Jamna Auto Industries (JAI) is engaged in the manufacturing of suspension
products for commercial vehicles viz leaf springs and lift axles. It is the market
leader in the MHCV OEM springs commanding market share of about 60%, while
it has a 15% share in the aftermarket springs segment.
Recovery in OEM segment coupled with aftermarket focus to drive growth
The MHCV industry is clearly in an upcycle and is poised to grow at 16% CAGR
over the FY2015-2018 period. This would be on account of economic pick-up
leading to uptick in freight, huge pent up demand due to low base (industry had
halved over FY2013-2014 period), and improving profitability of the fleet
operators on account of firm freight rates and decline in diesel prices. The
industry is likely to reach pre-slowdown levels by FY2018. Apart from growth in
the springs segment, JAI is witnessing robust demand for lift axles used in multi
axle vehicles (JAI commenced supplies to market leader Ashok Leyland). JAI is
also in negotiation with high-end bus manufacturers for supplies of air suspension
systems. We expect the share of new products to inch up from 4% of revenues in
FY2015 to 7% by FY2018. We expect JAI to clock 14% revenue CAGR over the
next three years.
Operating leverage, raw material localization and new products to
augment margins
JAI would reap benefits of operating leverage on account of healthy double-digit
top-line growth. Steep reduction in crude prices due to slowdown would lower the
power and fuel costs which account for 7% of the top-line. Further, increasing
share of high margin products such as parabolic leaf springs and lift axles (new
products’ share would go up from 22% currently to about 30% by FY2018) would
also augment margins for the company. We estimate JAI’s operating margins to
improve by 130bp over the next three years.
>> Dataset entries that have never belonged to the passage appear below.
Lemma maxaff_pinfty s : s != [::] -> exists2 p, p \in s &
  (forall q, q \in s -> q.1 <= p.1) /\ \forall t \near +oo, maxaff s t = aff p t.
Proof.
move=> s0; have [p0 p0s p0max] := seqmax_mem (fun q => q.1) s0.
set top := [seq q <- s | q.1 == p0.1].
have top0 : top != [::].
  by apply/eqP => /(congr1 (fun r => p0 \in r)); rewrite mem_filter p0s eqxx.
have [p] := seqmax_mem (fun q => q.2) top0; rewrite mem_filter => /andP[/eqP pp0 ps] pmax.
have slope_le q : q \in s -> q.1 <= p.1 by move=> qs; rewrite pp0 -p0max seqmax_ge.
exists p => //; split => //.
suff : \forall t \near +oo, forall q, q \in s -> aff q t <= aff p t.
  by apply: filterS => t; apply: maxaff_eq_aff.
apply: filter_all_in => q qs; have [qp|] := eqVneq q.1 p.1.
  apply: nearW => t; rewrite /aff qp lerD2l -pmax.
  by apply: (seqmax_ge (fun q => q.2)); rewrite mem_filter qp pp0 eqxx.
move=> qp; have {}qp : q.1 < p.1 by rewrite lt_neqAle qp slope_le.
near=> t.
have : (q.2 - p.2) / (p.1 - q.1) < t by near: t; apply: nbhs_pinfty_gt; apply: num_real.
rewrite ltr_pdivrMr ?subr_gt0 // /aff; nra.
Unshelve. all: by end_near.
Qed.

Lemma maxaff_reflect s t : maxaff [seq (- p.1, p.2) | p <- s] t = maxaff s (- t).
Proof.
by rewrite /maxaff seqmax_map; congr seqmax; apply/funext => p; rewrite /aff /= mulNr mulrN.
Qed.

Lemma maxaff_ninfty s : s != [::] -> exists2 p, p \in s &
  (forall q, q \in s -> p.1 <= q.1) /\ \forall t \near -oo, maxaff s t = aff p t.
Proof.
move=> s0; have [|_ /mapP[p ps ->] [/= pmin near_p]] :=
  @maxaff_pinfty [seq (- p.1, p.2) | p <- s]; first by case: (s) s0.
exists p => //; split.
  by move=> q qs; rewrite -lerN2; apply: (pmin (- q.1, q.2)); apply/mapP; exists q.
rewrite -ninfty; apply: filterS near_p => t /=.
by rewrite maxaff_reflect => ->; rewrite /aff /= mulNr mulrN.
Qed.

Lemma derive1_maxaff_sub (h : R -> R) P Q t : P != [::] -> Q != [::] ->
  h =1 (fun t => maxaff P t - maxaff Q t) -> derivable h t 1 ->
  h^`() t = maxaff_rslope P t - maxaff_rslope Q t.
Proof.
move=> P0 Q0 hE dht; apply: derive1_right_linear => //.
apply: filterS2 (near_maxaff_right t P0) (near_maxaff_right t Q0) => e eP eQ.
by rewrite !hE eP eQ; ring.
Qed.

End MaxAffineAnalysis.

Lemma dc_maxaff_derive1_variation (R : realType) (h : R -> R) (M : R) :
  dc_maxaff h M -> exists Lp Lm : R,
  [/\ h^`() x @[x --> +oo] --> Lp, h^`() x @[x --> -oo] --> Lm &
    forall s, sorted <%R s -> all (fun t => `[< derivable h t 1 >]) s ->
      var_sum h^`() s + `|Lp| + `|Lm| <= 2 * M].
Proof.
move=> [P [Q [lo [hi [P0 Q0 hE sl HM]]]]].
have [pP pPs [pPmax pPnear]] := maxaff_pinfty P0.
have [pQ pQs [pQmax pQnear]] := maxaff_pinfty Q0.
have [mP mPs [mPmin mPnear]] := maxaff_ninfty P0.
have [mQ mQs [mQmin mQnear]] := maxaff_ninfty Q0.
exists (pP.1 - pQ.1), (mP.1 - mQ.1); split.
- apply: (cvg_derive1_near_affine (B := pP.2 - pQ.2)); apply: near_pinfty_nbhs.
  by apply: filterS2 pPnear pQnear => t eP eQ; rewrite hE eP eQ /aff; ring.
- apply: (cvg_derive1_near_affine (B := mP.2 - mQ.2)); apply: near_ninfty_nbhs.
  by apply: filterS2 mPnear mQnear => t eP eQ; rewrite hE eP eQ /aff; ring.
have rsP t : mP.1 <= maxaff_rslope P t <= pP.1.
  by apply: maxaff_rslope_within => // q qs; rewrite mPmin ?pPmax.
have rsQ t : mQ.1 <= maxaff_rslope Q t <= pQ.1.
  by apply: maxaff_rslope_within => // q qs; rewrite mQmin ?pQmax.
move=> s ss dh.
have var_le : var_sum h^`() s <= (pP.1 - mP.1) + (pQ.1 - mQ.1).
  case: s ss dh => [|x s] ss dh.
    by have /andP[? ?] := rsP 0; have /andP[? ?] := rsQ 0; rewrite /=; lra.
  apply: le_trans (var_sum_sub_homo ss _ (maxaff_rslope_homo P0) (maxaff_rslope_homo Q0)) _.
    by move=> t ts; apply: derive1_maxaff_sub => //; move/allP: dh => /(_ t ts) /asboolP.
  have /andP[? ?] := rsP x; have /andP[? ?] := rsQ x.
  have /andP[? ?] := rsP (last x s); have /andP[? ?] := rsQ (last x s); lra.
have slP p : p \in P -> lo <= p.1 <= hi by move=> ps; apply: sl; rewrite mem_cat ps.
have slQ p : p \in Q -> lo <= p.1 <= hi by move=> ps; apply: sl; rewrite mem_cat ps orbT.
have /andP[? ?] := slP pP pPs; have /andP[? ?] := slQ pQ pQs.
have /andP[? ?] := slP mP mPs; have /andP[? ?] := slQ mQ mQs.
have : `|pP.1 - pQ.1| <= 2 * hi - pP.1 - pQ.1 by apply/ler_normlP; split; lra.
have : `|mP.1 - mQ.1| <= mP.1 + mQ.1 - 2 * lo by apply/ler_normlP; split; lra.
lra.
Qed.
Outlook and valuation: JAI’s top-line is estimated to grow at 14% CAGR on
account of uptick in the MHCV OEM segment and ramp up of new products, ie
parabolic leaf springs and lift axles. Further, operating leverage coupled with a
better product mix and savings on energy costs would enhance margins. We
expect JAI’s earnings to grow at a CAGR of 35% over FY2015-2018. JAI’s return
ratios are also estimated to improve on account of margin expansion, better working
capital management and lower gearing. We initiate coverage on JAI with an
Accumulate rating and target price of Rs258 (based on 15x FY2018E earnings).